This is the local man’s second trip to the event, which is hosted by the International Training Institute (ITI) for the unionized sheet metal and air conditioning industry. He is one of the top 12 sheet metal detailers in the country, a ranking determined via scores on an arduous test administered prior to the international competition.
Other finalists hail from Hawaii, Michigan, Utah, California, Illinois, Oregon, Ohio, Oklahoma, Kansas and New York.
As a sheet metal detailer, Fleming designs complicated, behind-the-walls systems in buildings.
Using the Benchmark building information modeling software, he works to ensure every piece, length of HVAC ductwork and fitting is built to exact measurements and standards.
Fleming was drawn to the profession early on after being introduced to it by his step-dad, an architectural sheet metal worker.
After high school, he enrolled in an apprenticeship program where he learned about the different aspects of the trade.
“I liked the challenge of being a detailer,” says Fleming. “It’s like doing an adult puzzle.”
The local man, a 1993 Bothell High grad, has been a detailer for the past 14 years.
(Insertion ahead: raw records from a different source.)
(* Under the standing assumptions and with the sets of the context: (1) the sets $a,b\subset X\times X$ belong to the $\sigma$-algebra $\mathcal A(X\times X)$ generated by analytic sets, and for every analytic $A\subset X$ the sets $a(A),b(A)$ belong to $\mathcal A(X)$; (2) $a\cap b\cap(\mathcal T_e\times X)=\emptyset$; (3) for $x\in\mathcal T$, each of $a(x)$, $b(x)$ is either empty or a singleton; (4) $a(\mathcal T)=a(\mathcal T_e)$ and $b(\mathcal T)=b(\mathcal T_e)$; (5) $\mathcal T_e=\mathcal T\cup a(\mathcal T)\cup b(\mathcal T)$ and $\mathcal T\cap(a(\mathcal T)\cup b(\mathcal T))=\emptyset$.
   Context: Standing assumptions: $(X,d)$ Polish; $d_L:X\times X\to[0,+\infty]$ a Borel ($d\times d$) distance, possibly $+\infty$-valued; $(X,d_L)$ geodesic (points at finite distance are joined by a curve of $d_L$-length equal to their distance) and non-branching (for $r\ge0$, $d_L(x,y)=r/2$ implies $\{z:d_L(x,z)=r\}\cap\{z:d_L(y,z)=r/2\}$ has at most one point); geodesics are $d$-continuous and locally compact in $(X,d)$ (for each geodesic $\gamma$ and point $x$ on it, $\gamma^{-1}(\bar B_r(x))$ is compact for some $r>0$). Transport setting: $\mu,\nu$ Borel probabilities, $\pi$ a coupling with finite $d_L$-cost concentrated on a $\sigma$-compact $d_L$-cyclically monotone $\Gamma\subset\{d_L<\infty\}$. $\Gamma'$: pairs $(x,y)$ such that there exist $I\ge0$, $(w_i,z_i)\in\Gamma$, $w_0=x$, $z_I=y$, $w_{I+1}:=w_0$, $\sum_{i=0}^I(d_L(w_{i+1},z_i)-d_L(w_i,z_i))=0$. $G:=\{(x,y):\exists(w,z)\in\Gamma',\ d_L(w,x)+d_L(x,y)+d_L(y,z)=d_L(w,z)\}$, $G(x):=\{y:(x,y)\in G\}$, $G^{-1}:=\{(x,y):(y,x)\in G\}$, $G^{-1}(x):=\{y:(x,y)\in G^{-1}\}$. $\mathcal T:=P_1(G^{-1}\setminus\{x=y\})\cap P_1(G\setminus\{x=y\})$, $\mathcal T_e:=P_1(G^{-1}\setminus\{x=y\})\cup P_1(G\setminus\{x=y\})$. Endpoint graphs: $a:=\{(x,y)\in G^{-1}: G^{-1}(y)\setminus\{y\}=\emptyset\}$, $b:=\{(x,y)\in G: G(y)\setminus\{y\}=\emptyset\}$; for $x\in X$, $a(x):=\{y:(x,y)\in a\}$, and for $A\subset X$, $a(A):=\bigcup_{x\in A}a(x)$; similarly for $b$. *)

From Stdlib Require Import Reals List.
From Stdlib Require Export Rtopology.
Open Scope R_scope.

Inductive ER : Type := Fin (r : R) | PInf.

Definition er_add (a b : ER) : ER :=
  match a, b with Fin x, Fin y => Fin (x + y) | _, _ => PInf end.

Definition er_le (a b : ER) : Prop :=
  match a, b with
  | _, PInf => True
  | PInf, Fin _ => False
  | Fin x, Fin y => x <= y
  end.

(* finite sums over indices 0 .. n-1 *)
Fixpoint rsum (f : nat -> R) (n : nat) : R :=
  match n with O => 0 | S k => rsum f k + f k end.
Fixpoint ersum (f : nat -> ER) (n : nat) : ER :=
  match n with O => Fin 0 | S k => er_add (ersum f k) (f k) end.

Definition is_metric {T : Type} (d : T -> T -> R) : Prop :=
  (forall x y, 0 <= d x y) /\ (forall x y, d x y = 0 <-> x = y) /\
  (forall x y, d x y = d y x) /\ (forall x y z, d x z <= d x y + d y z).

Definition complete_metric {T : Type} (d : T -> T -> R) : Prop :=
  forall u : nat -> T,
    (forall eps, eps > 0 -> exists N, forall m n, (N <= m)%nat -> (N <= n)%nat -> d (u m) (u n) < eps) ->
    exists l, forall eps, eps > 0 -> exists N, forall n, (N <= n)%nat -> d (u n) l < eps.

Definition countable_set {T : Type} (D : T -> Prop) : Prop :=
  exists f : nat -> option T, (forall n x, f n = Some x -> D x) /\
                              (forall x, D x -> exists n, f n = Some x).

Definition separable_metric {T : Type} (d : T -> T -> R) : Prop :=
  exists D : T -> Prop, countable_set D /\
    forall x eps, eps > 0 -> exists y, D y /\ d x y < eps.

Definition polish {T : Type} (d : T -> T -> R) : Prop :=
  is_metric d /\ complete_metric d /\ separable_metric d.
Lemma mpolyX_in_monomial_ideal (r : nat) (h : 'I_r -> {mpoly R[n]})
    (b : 'I_r -> 'X_{1..n}) m :
  'X_[m] = \sum_(i < r) h i * 'X_[b i] -> exists i, (b i <= m)%MM.
Proof.
move=> e; case: (boolP [exists i, b i <= m]%MM) => [/existsP //|/existsPn nle].
have := congr1 (mcoeff m) e; rewrite mcoeffX eqxx raddf_sum big1 => [|i _].
  by move/eqP; rewrite oner_eq0.
exact: mcoeffMX_eq0.
Qed.

End MonomialDivisibility.

Lemma mdvdX (k : fieldType) (n : nat) (b m : 'X_{1..n}) :
  mdvd 'X_[b] ('X_[m] : {mpoly k[n]}) <-> (b <= m)%MM.
Proof.
split=> [[h e]|le]; last by exists 'X_[m - b]; rewrite -mpolyXD submK.
apply: contraT => nle; have := congr1 (mcoeff m) e.
by rewrite mcoeffX eqxx mcoeffMX_eq0 // => /eqP; rewrite oner_eq0.
Qed.

Section ExtremalGenerators.
Variables (q : nat) (D : {set pairq q}).

Definition QDi (i : 'I_q) (A : {set 'I_q}) : bool := QD D A && (i \in A).

Definition eps_exp (i : 'I_q) : 'X_{1..nvars q} :=
  (\sum_(A : NE q | QDi i (val A)) U_(enum_rank A))%MM.

Lemma epsE (k : fieldType) (i : 'I_q) : eps k D i = 'X_[eps_exp i].
Proof. by rewrite /eps /eps_exp (big_morph _ (@mpolyXD _ k) (@mpolyX0 _ k)). Qed.

Lemma eps_expE (i : 'I_q) (j : 'I_(nvars q)) :
  eps_exp i j = QDi i (val (enum_val j)).
Proof.
rewrite /eps_exp mnm_sumE.
under eq_bigr => A _ do rewrite mnm1E -(inj_eq enum_val_inj) enum_rankK.
case: (boolP (QDi i _)) => Qj.
  by rewrite (bigD1 (enum_val j)) //= eqxx big1 // => A /andP [_ /negbTE ->].
by rewrite big1 // => A QA; case: eqP => // eA; rewrite -eA QA in Qj.
Qed.

Lemma QD_neq0 (A : {set 'I_q}) : QD D A -> A != set0.
Proof. by case/andP. Qed.

Lemma lcm_eps_expE (B : {set 'I_q}) (j : 'I_(nvars q)) :
  (\big[@mlcm _/0%MM]_(i in B) eps_exp i) j = (\max_(i in B) eps_exp i j)%N.
Proof. by apply: (big_morph (fun m : 'X_{1..nvars q} => m j)) => [x y|]; rewrite mnmE. Qed.
(* Define finite blocks of positive reals as follows: $b_1=(\tfrac12)$, $b_2=(2)$, $b_3=(\tfrac12)$; for $n\ge3$ let $s_n=\sum_{i=2}^n|b_i|$ where $|b_i|$ is the length of $b_i$; for even $n\ge4$, $b_n$ consists of $s_{n-1}$ copies of $2$; for odd $n\ge5$, $b_n$ consists of a $\tfrac12$ followed by $s_{n-2}-1$ repetitions of the string ($s_{n-1}$ copies of $1$, then one $\tfrac12$). Let $w=(w_n)_{n\ge0}$ be the concatenation $b_1b_2b_3\cdots$ (so $w_0$ is the entry of $b_1$, and the blocks $b_2,\dots,b_n$ occupy the indices $1,\dots,s_n$). For $i,j\ge1$ put $M_i^j=w_iw_{i+1}\cdots w_{i+j-1}$, and put $n_k=s_{2k+2}$. Then: (a) $M_1^{s_{2k+1}}=1$ for all $k\ge1$; (b) for all $k\ge2$: $M_i^{n_k}\ge\tfrac12$ whenever $i>s_{2k+1}$, and $M_i^{n_k}\ge 2^k$ whenever $1\le i\le s_{2k+1}$; (c) on $X=c_0$ or $X=\ell^p$ ($1\le p<\infty$), the weighted backward shift $B_w$ is surjective, not mixing, strongly topologically transitive, and the forward shift $S$ satisfies $S^{n_k}x\to0$ as $k\to\infty$ for every $x\in X$.
   Context: For a bounded sequence $w=(w_n)_{n\ge0}$ of positive numbers, the weighted backward shift $B_w$ on $X$ is defined on the canonical basis $(e_n)_{n\ge0}$ by $B_we_0=0$, $B_we_n=w_ne_{n-1}$ ($n\ge1$). When $\sup_n 1/w_n<\infty$, the associated forward shift $S$ is the bounded operator with $Se_n=e_{n+1}/w_{n+1}$; it satisfies $B_wS=I$. For an operator $T$ and nonempty open $U,V$, $N(U,V)=\{n\in\mathbb{N}_0:T^n(U)\cap V\ne\emptyset\}$; $T$ is mixing if every $N(U,V)$ is cofinite; $T$ is strongly topologically transitive if for every nonempty open $U$, $X\setminus\{0\}\subseteq\bigcup_{n\ge0}T^n(U)$. *)

From Stdlib Require Import Reals Lra Lia List.
From Coquelicot Require Import Coquelicot.
Import ListNotations.
Open Scope R_scope.

(** [sfrom bs m] = sum_{i=2}^m |b_i|, where bs = [b_1; ...; b_N] (1-indexed blocks). *)
Fixpoint sfrom (bs : list (list R)) (m : nat) : nat :=
  match m with
  | O => O
  | S O => O
  | S m' => (sfrom bs m' + length (nth m' bs []))%nat
  end.

(** The n-th block, computed from the list of previous blocks bs = [b_1;...;b_(n-1)]. *)
Definition newblock (n : nat) (bs : list (list R)) : list R :=
  match n with
  | 1%nat => [/2]
  | 2%nat => [2]
  | 3%nat => [/2]
  | _ =>
    if Nat.even n then repeat 2 (sfrom bs (n - 1))
    else (/2) :: concat (repeat (repeat 1 (sfrom bs (n - 1)) ++ [/2])
                                (sfrom bs (n - 2) - 1))
  end.

Fixpoint allb (n : nat) : list (list R) :=
  match n with
  | O => []
  | S n' => allb n' ++ [newblock n (allb n')]
  end.

Definition b (n : nat) : list R := nth (n - 1) (allb n) [].

Definition s (n : nat) : nat := sfrom (allb n) n.

(** w_j = j-th entry (0-indexed) of b_1 b_2 b_3 ...; the prefix b_1...b_(j+1)
    already has length 1 + s_(j+1) >= j+1. *)
Definition w (j : nat) : R := nth j (concat (allb (S j))) 0.

Fixpoint M (i j : nat) : R :=
  match j with
  | O => 1
  | S j' => w i * M (S i) j'
  end.

Definition nk (k : nat) : nat := s (2 * k + 2).

Inductive space := C0 | Lp (p : R).

Definition valid_space (X : space) : Prop :=
  match X with C0 => True | Lp p => 1 <= p end.

(** a^p for a >= 0, with 0^p = 0. *)
Definition rpow (a p : R) : R := if Rle_dec a 0 then 0 else Rpower a p.

Definition inX (X : space) (x : nat -> R) : Prop :=
  match X with
  | C0 => is_lim_seq x 0
  | Lp p => ex_series (fun n => rpow (Rabs (x n)) p)
  end.

Definition normX (X : space) (x : nat -> R) : R :=
  match X with
  | C0 => real (Sup_seq (fun n => Rabs (x n)))
  | Lp p => rpow (Series (fun n => rpow (Rabs (x n)) p)) (/ p)
  end.

Definition seq_sub (x y : nat -> R) : nat -> R := fun n => x n - y n.
Definition zero_seq : nat -> R := fun _ => 0.

Definition openX (X : space) (U : (nat -> R) -> Prop) : Prop :=
  (forall x, U x -> inX X x) /\
  (forall x, U x -> exists eps, 0 < eps /\
     forall y, inX X y -> normX X (seq_sub y x) < eps -> U y).

Definition Bw (x : nat -> R) : nat -> R := fun n => w (S n) * x (S n).

Definition Fw (x : nat -> R) : nat -> R :=
  fun n => match n with O => 0 | S m => x m / w (S m) end.

Definition surjective_on (X : space) (T : (nat -> R) -> (nat -> R)) : Prop :=
  forall y, inX X y -> exists x, inX X x /\ T x = y.

Definition in_N (T : (nat -> R) -> (nat -> R)) (U V : (nat -> R) -> Prop) (n : nat) : Prop :=
  exists x, U x /\ V (Nat.iter n T x).

Definition mixing (X : space) (T : (nat -> R) -> (nat -> R)) : Prop :=
  forall U V, openX X U -> openX X V -> (exists x, U x) -> (exists x, V x) ->
    exists N, forall n, (N <= n)%nat -> in_N T U V n.

Definition strongly_transitive (X : space) (T : (nat -> R) -> (nat -> R)) : Prop :=
  forall U, openX X U -> (exists x, U x) ->
    forall y, inX X y -> y <> zero_seq ->
      exists n x, U x /\ Nat.iter n T x = y.

From Stdlib Require Import Reals.
From Coquelicot Require Import Coquelicot.
From Stdlib Require Import Lra Lia List FunctionalExtensionality.
Import ListNotations.
Open Scope R_scope.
He is the principal consultant for RYNOTEK, a division of Fleming Consulting Services Inc.
Currently, he is working on a project for the Boeing 777 jet airliner.
Fleming is excited to return to the Annual International Sheet Metal Competition and says, “It’s great to be a part of the top 12 again and it will be interesting to see what ITI’s Benchmark staff put together this year.”
He adds, “I really wanted to win last time,” he comments. “The prize was a fully loaded truck. This year, it’s a new Harley Davidson.”
Fleming explains that he competes for the challenge and a chance to win the grand prize, but that he also participates in the event because it’s a great networking opportunity for him.
The competition, which takes place over two 8-hour days, is extremely challenging, according to Fleming.
He says, “You don’t know exactly what you’ll be doing until you get there and so you really can’t expect anything going in, other than the fact it’ll be difficult.”
He adds, “Each contestant gets a 3-D work station and you’re given a set of plans for an HVAC system and directions as to what to do. The plans are different on each day — completely different projects. You’re judged on things like accuracy and feasibility to build. Any one thing you do or don’t do can affect your score.”
To keep on top of his game, Fleming constantly studies software changes to determine if there are methods he can change to improve efficiency.
He also tries to stay current on building codes. “It’s important for me to keep up on what’s happening in the industry as much as possible,” he comments. “But, it’s hard to do this when you’re working on a job, so in between projects is the best time for me to get caught up.” The local man is also a part-time instructor at the Western Washington Local #66 Sheet Metal Joint Apprenticeship Training Committee.